The book brought me back to when straight after the birth of our second child, I received a phone call from a relative to commiserate me rather than to congratulate me for his birth. She told me how the time of her children's early childhood were the 'dark ages' of her life... a time when she held her breath, put her life on hold, hardly ever went out, didn't travel... till the children were older enough and she could finally get her life back...Though that phone call happened 16 years ago I still remember the conversation vividly. Maybe that had worked for her but that couldn't have possibly worked for me who had another 20 plus childbearing years ahead. I was only 21 with the plan, God willing, to have a big family... For me and Pierpaolo, it was very clear we didn't want to hold our breath until this 'better future' arrived but that what we really wanted was to live our life happily NOW, breathing it in deeply with open lungs and living it to the full with all its sacrifices but enjoying our vocation as spouses and parents. The 'Wholeness of Vision' the author talks about in the book, was what gave us strength in the difficult moments ... looking beyond the immediate... embracing the difficulties and always looking at the Risen Christ.
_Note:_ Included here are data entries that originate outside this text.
(* For all nonnegative integers $a,b,c$ with $a+b+c=d+1$, the following equalities hold in $\mathcal{B}_d$: $$f^{(a)}\binom{H_2}{b}e^{(c)}=\sum_{k=1}^{\min(a,c)}(-1)^{k-1}\binom{b+k}{k}f^{(a-k)}\binom{H_2}{b+k}e^{(c-k)},$$ $$e^{(a)}\binom{H_1}{b}f^{(c)}=\sum_{k=1}^{\min(a,c)}(-1)^{k-1}\binom{b+k}{k}e^{(a-k)}\binom{H_1}{b+k}f^{(c-k)}$$ (an empty sum being $0$).
   Context: Fix an integer $d\ge 0$. $\mathcal{B}_d$ is the associative $\mathbb{Q}$-algebra with $1$ generated by $e,f,H_1,H_2$ subject to the relations $H_1H_2=H_2H_1$, $H_1e-eH_1=e$, $H_1f-fH_1=-f$, $H_2e-eH_2=-e$, $H_2f-fH_2=f$, $ef-fe=H_1-H_2$, $H_1+H_2=d$, and $H_1(H_1-1)\cdots(H_1-d)=0$. For an element $T$ and integer $m\ge 0$, $T^{(m)}=T^m/m!$ and $\binom{T}{m}=T(T-1)\cdots(T-m+1)/m!$; both are defined to be $0$ for negative $m$. *)

From mathcomp Require Import all_boot all_order all_algebra.
Set Implicit Arguments. Unset Strict Implicit. Unset Printing Implicit Defensive.
Import GRing.Theory.
Local Open Scope ring_scope.

Definition dpow (A : algType rat) (T : A) (m : nat) : A :=
  (m`!%:R)^-1 *: T ^+ m.

Definition abinom (A : algType rat) (T : A) (m : nat) : A :=
  (m`!%:R)^-1 *: \prod_(i < m) (T - i%:R).

(* The defining relations of B_d, for elements e f H1 H2 of a Q-algebra A.
   B_d is the universal Q-algebra generated by such elements. *)
Definition Bd_relations (d : nat) (A : algType rat) (e f H1 H2 : A) : Prop :=
  H1 * H2 = H2 * H1 /\
  H1 * e - e * H1 = e /\
  H1 * f - f * H1 = - f /\
  H2 * e - e * H2 = - e /\
  H2 * f - f * H2 = f /\
  e * f - f * e = H1 - H2 /\
  H1 + H2 = d%:R /\
  \prod_(i < d.+1) (H1 - i%:R) = 0.

From mathcomp Require Import all_boot all_order all_algebra.
From mathcomp Require Import ring zify.
Import GRing.Theory Num.Theory.
Local Open Scope ring_scope.
Set Implicit Arguments. Unset Strict Implicit. Unset Printing Implicit Defensive.

(* Both identities say that S(a,b,c) := sum_k (-1)^k C(b+k,k) x^(a-k) binom(K,b+k)
   y^(c-k) vanishes when a + b + c = d + 1, for (x,y,K) = (e,f,H1) and for
   (x,y,K) = (f,e,H2) = (f,e,d-H1), which satisfy the same relations.
   Commuting binom(K,b+k) with y^(c-k) gives
   b! S(a,b,c) = S(a,0,c) (K-c)(K-c-1)...(K-c-b+1) =: Z.
   Since y^(m) shifts K by m and K(K-1)...(K-d) = 0, Z is killed on the right by
   (K-c-b)...(K-d).  The reordering identity S_{x,y,K}(a,0,c) = S_{y,x,d-K}(c,0,a),
   proved by induction on c from the commutator of y with x^(m), shows in the same
   way that Z is killed by K(K-1)...(K-c+1).  These two polynomials in K have no
   common root, so Z = 0. *)

Ltac eval_poly_identity u E :=
  let H := fresh "H" in
  have H := congr1 (horner_alg u) E;
  rewrite ?(rmorph_nat, rmorphM, rmorphB, rmorphD, rmorphN) in H;
  rewrite -[u](horner_algX u); exact: H.

Lemma natS_neq0 n : (n.+1%:R : rat) != 0.
Proof. by rewrite pnatr_eq0. Qed.

Lemma natS_mul_invfactS n : (n.+1%:R * (n.+1)`!%:R^-1 : rat) = (n`!%:R)^-1.
Proof. by rewrite factS natrM invfM mulrA mulfV ?natS_neq0 // mul1r. Qed.

Lemma bin_mid_rec b k : ('C(b + k, k) * (b + k).+1 = b.+1 * 'C(b.+1 + k, k))%N.
Proof.
rewrite mulnC; have := mul_bin_down (b + k).+1 k => /= ->.
by rewrite addSn; congr (_ * _)%N; lia.
Qed.

Section Falling.
Variable A : algType rat.
Implicit Types (z K M Z : A).

Lemma mul_prod_intertwine n z (F G : 'I_n -> A) :
  (forall r, z * F r = G r * z) -> z * \prod_(r < n) F r = \prod_(r < n) G r * z.
Proof.
move=> FG; apply: (big_ind2 (fun p q => z * p = q * z)) => [|p1 q1 p2 q2 E1 E2|r _].
- by rewrite mulr1 mul1r.
- by rewrite mulrA E1 -mulrA E2 mulrA.
- exact: FG.
Qed.

Definition falling K (i n : nat) : A := \prod_(r < n) (K - (i + r)%:R).

Lemma falling0 K i : falling K i 0 = 1.
Proof. by rewrite /falling big_ord0. Qed.

Lemma fallingSr K i n : falling K i n.+1 = falling K i n * (K - (i + n)%:R).
Proof. by rewrite /falling big_ord_recr. Qed.

Lemma fallingD K i n m :
  falling K i (n + m) = falling K i n * falling K (i + n) m.
Proof.
rewrite /falling big_split_ord /=; congr (_ * _); apply: eq_bigr => r _ /=.
by rewrite addnA.
Qed.

Lemma commr_falling K c i n : GRing.comm (K - c%:R) (falling K i n).
Proof.
apply: commr_prod => r _; apply: commrB; last exact: commr_nat.
by apply/commr_sym; apply: commrB; [exact: commr_refl | exact: commr_nat].
Qed.

Lemma falling_comm K i n j m :
  falling K i n * falling K j m = falling K j m * falling K i n.
Proof.
have C : GRing.comm (falling K i n) (falling K j m).
  by rewrite [falling K j m]/falling; apply: commr_prod => r _;
    apply/commr_sym/commr_falling.
exact: C.
Qed.

Lemma falling_eigenr Z K (c : rat) i n : Z * K = c *: Z ->
  Z * falling K i n = (\prod_(r < n) (c - (i + r)%:R)) *: Z.
Proof.
move=> ZK; elim: n => [|n IH]; first by rewrite falling0 big_ord0 scale1r mulr1.
rewrite fallingSr big_ord_recr /= mulrA IH -scalerAl mulrBr ZK -scalerA.
by rewrite mulr_natr -scaler_nat -scalerBl.
Qed.

Lemma falling_eigenl Z K (c : rat) i n : K * Z = c *: Z ->
  falling K i n * Z = (\prod_(r < n) (c - (i + r)%:R)) *: Z.
Proof.
move=> KZ; elim: n => [|n IH]; first by rewrite falling0 big_ord0 scale1r mul1r.
rewrite fallingSr big_ord_recr /= -mulrA mulrBl KZ mulr_natl -scaler_nat.
by rewrite -scalerBl -scalerAr IH scalerA mulrC.
Qed.

(* Peeling off the factors of the first product leaves [Z] an eigenvector of
   right multiplication by [K], whose eigenvalue is not a root of the second. *)
Lemma falling_annihilators_eq0 Z K i n j m :
  Z * falling K i n = 0 -> Z * falling K j m = 0 -> (i + n <= j)%N -> Z = 0.
Proof.
elim: n Z => [|n IH] Z Zn Zm le_in_j; first by move: Zn; rewrite falling0 mulr1.
have ZKn : Z * (K - (i + n)%:R) = 0.
  apply: IH.
  - by rewrite -mulrA commr_falling -fallingSr.
  - by rewrite -mulrA commr_falling mulrA Zm mul0r.
  - by apply: leq_trans le_in_j; rewrite leq_add2l.
have ZK : Z * K = (i + n)%:R *: Z.
  by apply/eqP; rewrite scaler_nat -mulr_natr -subr_eq0 -mulrBr ZKn.
have eig_neq0 : \prod_(r < m) ((i + n)%:R - (j + r)%:R) != 0 :> rat.
  apply/prodf_neq0 => r _; rewrite subr_eq0 eqr_nat; apply/negP => /eqP E.
  by move: le_in_j; rewrite addnS E ltnNge leq_addr.
move: Zm; rewrite (falling_eigenr _ _ ZK) => /eqP.
by rewrite scaler_eq0 (negbTE eig_neq0) => /eqP.
Qed.

Lemma abinomE K k : abinom K k = (k`!%:R)^-1 *: falling K 0 k.
Proof.
by rewrite /abinom /falling; congr (_ *: _); apply: eq_bigr => i _; rewrite add0n.
Qed.

Lemma abinom0 K : abinom K 0 = 1.
Proof. by rewrite /abinom big_ord0 fact0 invr1 scale1r. Qed.

Lemma abinomSr K n : abinom K n * (K - n%:R) = n.+1%:R *: abinom K n.+1.
Proof. by rewrite !abinomE -scalerAl fallingSr add0n scalerA natS_mul_invfactS. Qed.

Lemma abinom_pascal K k : abinom (K + 1) k.+1 = abinom K k.+1 + abinom K k.
Proof.
set Q := \prod_(i < k) (K - i%:R).
have shiftQ : \prod_(i < k) (K + 1 - (bump 0 i)%:R) = Q.
  by apply: eq_bigr => i _; rewrite /bump /= add1n -natr1 opprD addrA addrAC addrK.
rewrite /abinom big_ord_recl big_ord_recr /= subr0 shiftQ -/Q.
rewrite -(natS_mul_invfactS k) [_ / _]mulrC -scalerA -scalerDr; congr (_ *: _).
have -> : (K + 1) * Q = Q * (K + 1).
  apply: commr_prod => i _ /=; apply: commrB; last exact: commr_nat.
  by apply/commr_sym; apply: commrD; [exact: commr_refl | exact: commr1].
rewrite scaler_nat -[Q *+ _]mulr_natr -mulrDr; congr (_ * _).
by rewrite -natr1 addrA subrK.
Qed.

Lemma abinom_mul_shift M z k : M * z = z * (M + 1) ->
  abinom M k * z = z * abinom (M + 1) k.
Proof.
move=> Mz; rewrite /abinom -scalerAl -scalerAr; congr (_ *: _); apply/esym.
apply: mul_prod_intertwine => i; rewrite mulrBr -Mz mulrBl; congr (_ - _).
exact: commr_nat.
Qed.

(* Reindexing reverses the order of the factors, so the computation is done in
   the commutative ring {poly rat}. *)
Lemma falling_reflect K m i n : (i + n = m.+1)%N ->
  falling (m%:R - K) i n = (-1) ^+ n * falling K 0 n.
Proof.
move=> Hin.
have P : \prod_(r < n) (m%:R - 'X - (i + r)%:R) =
         (-1) ^+ n * \prod_(r < n) ('X - (0 + r)%:R) :> {poly rat}.
  rewrite -(big_mkord xpredT (fun r => m%:R - 'X - (i + r)%N%:R)).
  rewrite -(big_mkord xpredT (fun r => 'X - (0 + r)%N%:R)) (big_nat_rev _ _ 0).
  have -> : (-1) ^+ n = \prod_(0 <= r < n) (-1 : {poly rat}).
    by rewrite prodr_const_nat subn0.
  rewrite -big_split /=.
  apply: eq_big_nat => r /andP [_ lt_r_n].
  have -> : (i + (0 + n - r.+1) = m - r)%N by lia.
  rewrite add0n natrB; last by lia.
  by rewrite mulN1r opprB opprB addrC addrA subrK.
have := congr1 (horner_alg K) P.
rewrite rmorphM rmorphXn rmorphN rmorph1 !rmorph_prod /falling => PK.
transitivity (\prod_(r < n) horner_alg K (m%:R - 'X - (i + r)%N%:R)).
  apply: eq_bigr => r _; rewrite !(rmorph_nat, rmorphB).
  by rewrite -[K in LHS](horner_algX K).
rewrite PK; congr (_ * _); apply: eq_bigr => r _; rewrite !(rmorph_nat, rmorphB).
by rewrite -[K in RHS](horner_algX K).
Qed.

End Falling.

Section DividedPowers.
Variable A : algType rat.
Implicit Types (x y z K : A).

Lemma dpow0 z : dpow z 0 = 1.
Proof. by rewrite /dpow fact0 expr0 invr1 scale1r. Qed.

Lemma dpowSr z m : dpow z m * z = m.+1%:R *: dpow z m.+1.
Proof. by rewrite /dpow -scalerAl -exprSr scalerA natS_mul_invfactS. Qed.

Lemma dpowSl z m : z * dpow z m = m.+1%:R *: dpow z m.+1.
Proof. by rewrite -dpowSr /dpow -scalerAl -scalerAr -exprSr -exprS. Qed.

(* z^(a - k) with the convention z^(m) = 0 for m < 0; note that [dpow z (a - k)]
   alone would give 1 for k > a, by truncated subtraction. *)
Definition dpow_sub z (a k : nat) : A := if (k <= a)%N then dpow z (a - k) else 0.

Lemma dpow_sub_gt z a k : (a < k)%N -> dpow_sub z a k = 0.
Proof. by move=> lt_a_k; rewrite /dpow_sub leqNgt lt_a_k. Qed.

Lemma dpow_sub_le z a k : (k <= a)%N -> dpow_sub z a k = dpow z (a - k).
Proof. by rewrite /dpow_sub => ->. Qed.

Lemma dpow_sub0 z a : dpow_sub z a 0 = dpow z a.
Proof. by rewrite dpow_sub_le // subn0. Qed.

Lemma dpow_subSS z a k : dpow_sub z a.+1 k.+1 = dpow_sub z a k.
Proof. by rewrite /dpow_sub ltnS subSS. Qed.

Lemma dpow_subSr z c k :
  dpow_sub z c k * z = (c.+1%:R - k%:R) *: dpow_sub z c.+1 k.
Proof.
rewrite /dpow_sub; case: (leqP k c) => le_k_c.
  by rewrite (leqW le_k_c) dpowSr -subSn // natrB // leqW.
rewrite mul0r; case: (leqP k c.+1) => le_k_c1; last by rewrite scaler0.
have -> : k = c.+1 by apply/eqP; rewrite eqn_leq le_k_c1.
by rewrite subrr scale0r.
Qed.

Lemma dpow_subSl z c k :
  z * dpow_sub z c k = (c.+1%:R - k%:R) *: dpow_sub z c.+1 k.
Proof.
rewrite -dpow_subSr /dpow_sub; case: ifP => _; last by rewrite mulr0 mul0r.
by rewrite dpowSl dpowSr.
Qed.

Lemma sum_sign_natr_shift n (F : nat -> A) :
  \sum_(k < n.+1) (-1) ^+ k *: (k%:R *: F k) =
  - \sum_(j < n) (-1) ^+ j *: (j.+1%:R *: F j.+1).
Proof.
rewrite big_ord_recl /= scale0r scaler0 add0r -sumrN; apply: eq_bigr => j _.
by rewrite /bump /= add1n exprS mulN1r scaleNr.
Qed.

(* The difference of the two sides of the identities of the theorem, the term
   [k = 0] being the left-hand side. *)
Definition alt_sum x y K (a b c : nat) : A :=
  \sum_(k < a.+1) ((-1) ^+ k * ('C(b + k, k))%:R) *:
     (dpow_sub x a k * abinom K (b + k) * dpow_sub y c k).

Definition alt_term x y K (a c k : nat) : A :=
  dpow_sub x a k * abinom K k * dpow_sub y c k.

Lemma alt_sumE x y K a c :
  alt_sum x y K a 0 c = \sum_(k < a.+1) (-1) ^+ k *: alt_term x y K a c k.
Proof. by apply: eq_bigr => k _; rewrite !add0n binn mulr1. Qed.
After almost 20 years of marriage as the money situation appears to be particularly tricky and the house incredibly small... that Vision was cloudy, I wanted that button and was ready to hold my breath till God would finally showed His mighty Providence with an envelope full of money through the letter box and a phone call of someone offering us a bigger house (with a laundry room and a study) at a ridiculously low price. I could see the immediate suffering but had lost the vision. I had even started dreaming about moving, giving up the wonderful network of family and friends and the incredible community we had build in 20 years...
'This book is going to upset me so much!!! In this book the author is going through some of the same issues I am', I said to Pierpaolo, 'And what is going to be more annoying it's that she is really going to have it all... the money and the big house... the career ... probably too ...you know American style.'
The more I read the more her situation became difficult and problems seemed to arise unnecessarily. God was truly testing her faith through unexpected pregnancies and her poor health and both husband and wife found strength from one another and together from God.
The conversations between Jennifer, the author, and Joe, her husband were the exact same conversations Pierpaolo and I had had many times on similar issues. Joe's positive attitude towards life and his love for his family was heartwarming... the clear list of priorities and his choice to willingly and happily, not take the path of a successful career for the sake of the family... It really felt as if it was my husband speaking! Joe became my hero, he was clearly Jennifer's rock in the same way as my husband had to rescue me from myself many times throughout our life together. My heart softened, my attitude towards the book changed.
The book wasn't about the American dream as I had pictured it in my mind, it wasn't about success, money or fame, the book was a book about family, about spousal love, about discovering the joy of parenting, about the gift of parents and grandparents, about relationships, about the importance of community, about reordering priorities, about unexpected friendships, about trust and openness to God's will.
As I turned the last page of the book... my house was still as small as ever, the money as short as before but the desire to have a change of heart that would allow me to truly say this IS my life... and enjoy it NOW not WHEN and IF we have a bigger house or we are in better financial position... But NOW... was all I was left with as my family's harmonious symphony played in the background.